Vascular plants diversity dropped during various mass extinction events, especially at the two Upper Devonian events, Permian-Triassic border, Toarcian and Cretaceous-Paleogene border, while they passed the Triassic-Jurassic border event without problems. Diversity pattern shows a growth before extinction peaks, a common behavior in the frame of the biosphere recovery after a mass extinction.

Plant recovery has been slightly delayed only after the End-Permian extinction, because of the extreme climatic conditions created by the double LIP event (Emeishan Traps, Permian Traps) and by the final sudden vanishing of the last Permo-Carboniferous ice caps.

The data inferred with PyRate are in excellent agreement with geological events, thus suggesting a heavy link between plant evolution and geological events, especially the occurrence of Large Igneous Provinces.

So, the four stages detected by Niklas et al. in 1983 [14] can be interpreted with environmental changes related to geological events:

The high CO2 level allowed the origination of early terrestrial plants and the rise of the first forest in Silurian times.

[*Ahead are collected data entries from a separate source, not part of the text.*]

(* The center $Z(X)$ of any $\mathsf{T_{z}S}$-closed semigroup $X$ is periodic.
   Context: $\mathsf{T_{z}S}$ is the class of Hausdorff zero-dimensional topological semigroups. A semigroup $X$ is $\mathsf{T_{z}S}$-closed if for every isomorphic topological embedding of $X$ (discrete topology) into some $Y\in\mathsf{T_{z}S}$ the image is closed in $Y$. $Z(X)=\{z\in X:\forall x\ (xz=zx)\}$. A semigroup is periodic if each element has some power $x^n$ ($n\ge1$) that is an idempotent. *)

From HB Require Import structures.
From mathcomp Require Import all_boot all_order.
From mathcomp Require Import all_classical topology.
Set Implicit Arguments. Unset Strict Implicit. Unset Printing Implicit Defensive.
Local Open Scope classical_set_scope.

Definition semigroup_law (X : Type) (mul : X -> X -> X) : Prop :=
  forall x y z, mul x (mul y z) = mul (mul x y) z.

(* x^n for n >= 1:  spow mul x n = x^(n+1). *)
Fixpoint spow (X : Type) (mul : X -> X -> X) (x : X) (n : nat) : X :=
  match n with
  | O => x
  | S m => mul x (spow mul x m)
  end.

Definition sg_idempotent (X : Type) (mul : X -> X -> X) (e : X) : Prop :=
  mul e e = e.

Definition sg_center (X : Type) (mul : X -> X -> X) : set X :=
  [set z | forall x, mul x z = mul z x].

Definition sg_periodic_set (X : Type) (mul : X -> X -> X) (S : set X) : Prop :=
  forall x, S x -> exists n : nat, sg_idempotent mul (spow mul x n).

(* Zero-dimensional in the usual sense: the clopen sets form a base. *)
Definition clopen_base (Y : topologicalType) : Prop :=
  forall (x : Y) (U : set Y), open U -> U x ->
    exists V : set Y, [/\ clopen V, V x & V `<=` U].

Definition TzS (Y : topologicalType) (mulY : Y -> Y -> Y) : Prop :=
  [/\ semigroup_law mulY,
      continuous (fun p : Y * Y => mulY p.1 p.2),
      hausdorff_space Y
    & clopen_base Y].

(* f : X -> Y is an isomorphic topological embedding of X, with X carrying the
   discrete topology: an injective homomorphism which is a homeomorphism onto its
   image (continuity is automatic from discreteness; continuity of the inverse
   means the image is discrete in the subspace topology). *)
Definition discrete_embedding (X : Type) (mul : X -> X -> X)
    (Y : topologicalType) (mulY : Y -> Y -> Y) (f : X -> Y) : Prop :=
  [/\ injective f,
      (forall x y, f (mul x y) = mulY (f x) (f y))
    & (forall x, exists U : set Y, open U /\ U `&` range f = [set f x])].

Definition TzS_closed (X : Type) (mul : X -> X -> X) : Prop :=
  forall (Y : topologicalType) (mulY : Y -> Y -> Y) (f : X -> Y),
    TzS mulY -> discrete_embedding mul mulY f -> closed (range f).

From mathcomp Require Import all_boot all_order all_classical topology.
From HB Require Import structures.
From mathcomp Require Import zify.

Set Implicit Arguments. Unset Strict Implicit. Unset Printing Implicit Defensive.
Local Open Scope classical_set_scope.

(* Let z be a central element of X that is not periodic, so its powers z^n are
   pairwise distinct.  For c in X look at the z-orbit n |-> z^n c, and call c
   aperiodic if this orbit is not eventually periodic.  We adjoin to X one new
   point for each aperiodic c, up to "eventually equal orbits", standing for the
   limit of z^(k!) c as k grows; when the orbit of c is eventually periodic this
   limit already exists in X.  The resulting semigroup Y = X + Q multiplies new
   points as limits of products in X.  Its topology makes X discrete and takes as
   k-th basic neighbourhood of the limit of c the limits of all elements
   congruent to c "modulo k!" together with the points z^n c, k! | n.  Then X embeds discretely into the T_zS semigroup
   Y, but the new point limit of z^(k!) z lies in the closure of X. *)

(* Multiples of k! : the exponents along which orbits are sampled at stage k. *)
Definition fact_multiple k n := 0 < n /\ k`! %| n.
Lemma R3_word_diag m : ~ R3 (word m m m) (nseq m three).
Proof.
case=> m' [n'] [k'] [ne_nk _ eq_v _]; apply: ne_nk.
have count_eq (i : 'I_3) := congr1 (count (pred1 i)) eq_v.
have := count_eq 1; have := count_eq 2.
by rewrite /word !count_cat !count_nseq /=; lia.
Qed.

Lemma Tprob_word (R : realType) (T : pfst R 'I_3 'I_1) m k :
  Tprob T (nseq m three) (word m m k) =
  acc_from ((TStart :: map (@TSym _) (nseq m 0 ++ nseq m 1)) ++ block (2 : 'I_3) k)
    (q0 T) [::] (nseq m three).
Proof. by rewrite /Tprob /word /block catA !map_cat rcons_cat !map_nseq. Qed.

Lemma R3_no_separation (R : realType) (T : pfst R 'I_3 'I_1) (alpha eps : R) : 0 < eps ->
  ~ (forall v w, (R3 v w -> alpha + eps <= Tprob T w v) /\
                 (~ R3 v w -> Tprob T w v <= alpha - eps)).
Proof.
move=> eps_gt0 sep; pose c : R := (end_out_max T).+1%:R.
have c_gt0 : 0 < c by rewrite ltr0n.
pose P := (Num.truncn (c / eps)).+1.
have c_lt_P : c < P%:R * eps.
  have /andP[_] := truncn_itv (divr_ge0 (ltW c_gt0) (ltW eps_gt0)).
  by rewrite ltr_pdivrMr.
have [n [J [L [a [P_le L_gt0 disj close]]]]] :=
  kpow_shift_family (silent_ge0 (T := T) 2) (silent_row_le1 (T := T) 2) P
    (divr_gt0 eps_gt0 c_gt0).
pose m := \max_(j in J) L j.
have le_Lm : {in J, forall j, L j <= m}%N by move=> j jJ; exact: leq_bigmax_cond.
have upper := sum_acc_shift_le (ltW (divr_gt0 eps_gt0 c_gt0)) disj close le_Lm
  (TStart :: map (@TSym _) (nseq m 0 ++ nseq m 1)) (q0 T) [::].
apply/negP: upper; rewrite -ltNge.
apply: (@lt_le_trans _ _ (\sum_(j in J) eps *+ 2)); last first.
  apply: ler_sum => j jJ; rewrite -!Tprob_word.
  have ne_m : (m - L j)%N <> m by have := L_gt0 j jJ; have := le_Lm j jJ; lia.
  by have := (sep _ _).1 (R3_word ne_m); have := (sep _ _).2 (@R3_word_diag m); lra.
have P_J : P%:R * eps <= #|J|%:R * eps by apply: ler_wpM2r; [exact: ltW|rewrite ler_nat].
rewrite sumr_const -/c mulrDl mul1r -mulrA mulfVK ?gt_eqF // -[_ *+ #|J|]mulr_natl.
lra.
Qed.

Theorem theorem8 (R : realType) :
  (forall (alpha : R), 1/2 < alpha ->
     forall T : pfst R 'I_3 'I_1, ~ computes_with_prob R3 T alpha) /\
  (forall T : pfst R 'I_3 'I_1, ~ computes_isolated_cutpoint R3 T).
Proof.
split=> [alpha half_lt T sep|T [alpha [eps [_ _ eps_gt0 sep]]]]; last first.
  exact: R3_no_separation eps_gt0 sep.
apply: (@R3_no_separation R T (1/2) (alpha - 1/2)); first by rewrite subr_gt0.
by move=> v w; have [accept reject] := sep v w; split=> [/accept|/reject]; lra.
Qed.
(** * Partial derivatives on C *)

Definition ex_pu (f : C -> R) (z : C) : Prop := ex_derive (fun s => f (s, snd z)) (fst z).
Definition ex_pv (f : C -> R) (z : C) : Prop := ex_derive (fun s => f (fst z, s)) (snd z).

Lemma Derive_shift0 (h : R -> R) x : Derive (fun t => h (x + t)) 0 = Derive h x.
Proof. unfold Derive. f_equal. apply Lim_ext. intros e. now rewrite Rplus_0_l, Rplus_0_r. Qed.

Lemma ex_derive_shift0 (h : R -> R) x : ex_derive (fun t => h (x + t)) 0 <-> ex_derive h x.
Proof.
split; intros H.
- apply (ex_derive_ext (fun s => h (x + (s - x)))); [intros s; f_equal; ring|].
  apply (ex_derive_comp (fun t => h (x + t)) (fun s => s - x)); [now rewrite Rminus_diag|].
  auto_derive; auto.
- apply (ex_derive_comp h (fun t => x + t)); [now rewrite Rplus_0_r | auto_derive; auto].
Qed.

Lemma pu_Derive f z : pu f z = Derive (fun s => f (s, snd z)) (fst z).
Proof. apply (Derive_shift0 (fun s => f (s, snd z))). Qed.
Lemma pv_Derive f z : pv f z = Derive (fun s => f (fst z, s)) (snd z).
Proof. apply (Derive_shift0 (fun s => f (fst z, s))). Qed.
Lemma pu_fun f : pu f = fun z => Derive (fun s => f (s, snd z)) (fst z).
Proof. apply functional_extensionality. intros z. apply pu_Derive. Qed.
Lemma pv_fun f : pv f = fun z => Derive (fun s => f (fst z, s)) (snd z).
Proof. apply functional_extensionality. intros z. apply pv_Derive. Qed.
Lemma ex_pu_shift0 f z : ex_derive (fun t => f (fst z + t, snd z)) 0 <-> ex_pu f z.
Proof. apply (ex_derive_shift0 (fun s => f (s, snd z))). Qed.
Lemma ex_pv_shift0 f z : ex_derive (fun t => f (fst z, snd z + t)) 0 <-> ex_pv f z.
Proof. apply (ex_derive_shift0 (fun s => f (fst z, s))). Qed.
Lemma clifford_Dab01 (U : M) a b : clifford U -> Dab U a b = 0 \/ Dab U a b = 1.
Proof.
move=> [U_unitary U_clifford]; have [s [a' conj_Dop]] := U_clifford b.
have Cab_eq : Cab U a b = omega R dL ^+ s * (a == a')%:R.
  rewrite Cab_conj_Dop conj_Dop -scalemxAr mxtraceZ Dop_orthogonal // mulrCA.
  by rewrite [_ * d%:R]mulrC mulKf ?dim_neq0.
have := Dab_complex U a b; rewrite Cab_eq.
case: (a == a') => Dab_eq; [right | left]; apply: (@complexI R); rewrite Dab_eq.
  by rewrite !mulr1 omegaXJ // mulfV ?omegaX_neq0.
by rewrite !mulr0 mul0r.
Qed.

End CliffordCharacteristic.

Section PowerFixedPoints.
Variables (R : realType) (alpha : R).
Hypothesis alpha_gt0 : 0 < alpha.

Lemma powR_sub_mul_ge0 (x : R) : 0 <= x <= 1 -> 0 <= (1 - alpha) * (x `^ alpha - x).
Proof.
case/andP; rewrite le0r => /orP[/eqP->|x_gt0 x_le1].
  by rewrite powR0 ?gt_eqF // subrr mulr0.
have x01 : 0 < x <= 1 by rewrite x_gt0.
have [alpha_le1|alpha_ge1] := lerP alpha 1.
  by rewrite mulr_ge0 // subr_ge0 // ger1_powR.
by apply: mulr_le0; rewrite subr_le0; [exact: ltW | exact: ge1r_powR (ltW _)].
Qed.

Lemma powR_eq_id (x : R) : alpha != 1 -> 0 < x -> x `^ alpha = x -> x = 1.
Proof.
move=> alpha_neq1 x_gt0 x_fixed; apply/eqP/negPn/negP => x_neq1.
have : x `^ (alpha - 1) == 1.
  rewrite powRB; last by rewrite (gt_eqF x_gt0) implybT.
  by rewrite x_fixed (powRr1 (ltW x_gt0)) divff // gt_eqF.
by rewrite powR_eq1 (negbTE x_neq1) ltNge (ltW x_gt0) /= subr_eq0 (negbTE alpha_neq1).
Qed.

Lemma sum_powR_eq_sum (I : finType) (x : I -> R) :
  alpha != 1 -> (forall i, 0 <= x i <= 1) ->
  \sum_i x i `^ alpha = \sum_i x i -> forall i, x i = 0 \/ x i = 1.
Proof.
move=> alpha_neq1 x01 sum_eq i.
have term_eq0 := psumr_eq0P (fun j _ => powR_sub_mul_ge0 (x01 j)).
have /term_eq0 /(_ i isT) /eqP : \sum_j (1 - alpha) * (x j `^ alpha - x j) = 0.
  by rewrite -mulr_sumr sumrB sum_eq subrr mulr0.
rewrite mulf_eq0 subr_eq0 eq_sym (negbTE alpha_neq1) subr_eq0 /= => /eqP x_fixed.
have [x_eq0|x_neq0] := eqVneq (x i) 0; [left | right] => //.
by apply: (powR_eq_id alpha_neq1 _ x_fixed); rewrite lt_def x_neq0; case/andP: (x01 i).
Qed.

End PowerFixedPoints.

Lemma Halpha_eq0 (R : realType) dL n (alpha : R) (U : Mat R dL n) :
  (1 < dL)%N -> alpha != 1 ->
  Halpha alpha U = 0 <-> \sum_a \sum_b Dab U a b `^ alpha = (Defs.dim dL n)%:R ^+ 2.
Proof.
move=> dL_gt1 alpha_neq1.
have dim2_neq0 : ((Defs.dim dL n)%:R ^+ 2 : R) != 0.
  by rewrite expf_neq0 // pnatr_eq0 -lt0n dim_gt0.
rewrite /Halpha; split => [/eqP | ->]; last by rewrite mulVf // subrr mulr0.
rewrite mulf_eq0 invr_eq0 subr_eq0 (negbTE alpha_neq1) /= subr_eq0 => /eqP one_eq.
by apply: (mulfI (invr_neq0 dim2_neq0)); rewrite -one_eq mulVf.
Qed.

Theorem theorem1 (R : realType) (dL n : nat) (hdL : (2 <= dL)%N) (hn : (1 <= n)%N)
  (alpha : R) (halpha0 : 0 < alpha) (halpha1 : alpha != 1)
  (U : Mat R dL n) (hU : unitary U) :
  Halpha alpha U = 0 <-> clifford U.
Proof.
rewrite Halpha_eq0 // -(sum_sum_Dab hdL hU) !pair_bigA /=.
split => [sum_eq | /(clifford_Dab01 hdL) Dab01].
  apply: clifford_of_Dab01 => // a b.
  have Dab_in01 p : 0 <= Dab U p.1 p.2 <= 1 by rewrite Dab_ge0 Dab_le1.
  exact: (sum_powR_eq_sum halpha0 halpha1 Dab_in01 sum_eq (a, b)).
apply: eq_bigr => p _.
by case: (Dab01 p.1 p.2) => ->; rewrite ?powR1 // powR0 // gt_eqF.
Qed.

The wide occurrence in the lower Carboniferous of lands along the equatorial belt allowed the rise of the tropical rainforest and the diffusion of ferns and lycophytes.

The arrival of large landmasses in polar positions and lowering in LIP occurrence rate originated the cooling and aridification trends of the Upper Carboniferous culminated with the onset of the Permo-Carboniferous glaciation, thus promoting the nonflowering seed plants diffusion.

The diffusion of the angiosperms from the lower Cretaceous has been a consequence of the wide wildfires occurrence, triggered by the climatic and environmental consequences of the massive volcanic activity of that time and by the Pangaea break-up in a world in which moisture was more widely distributed than before.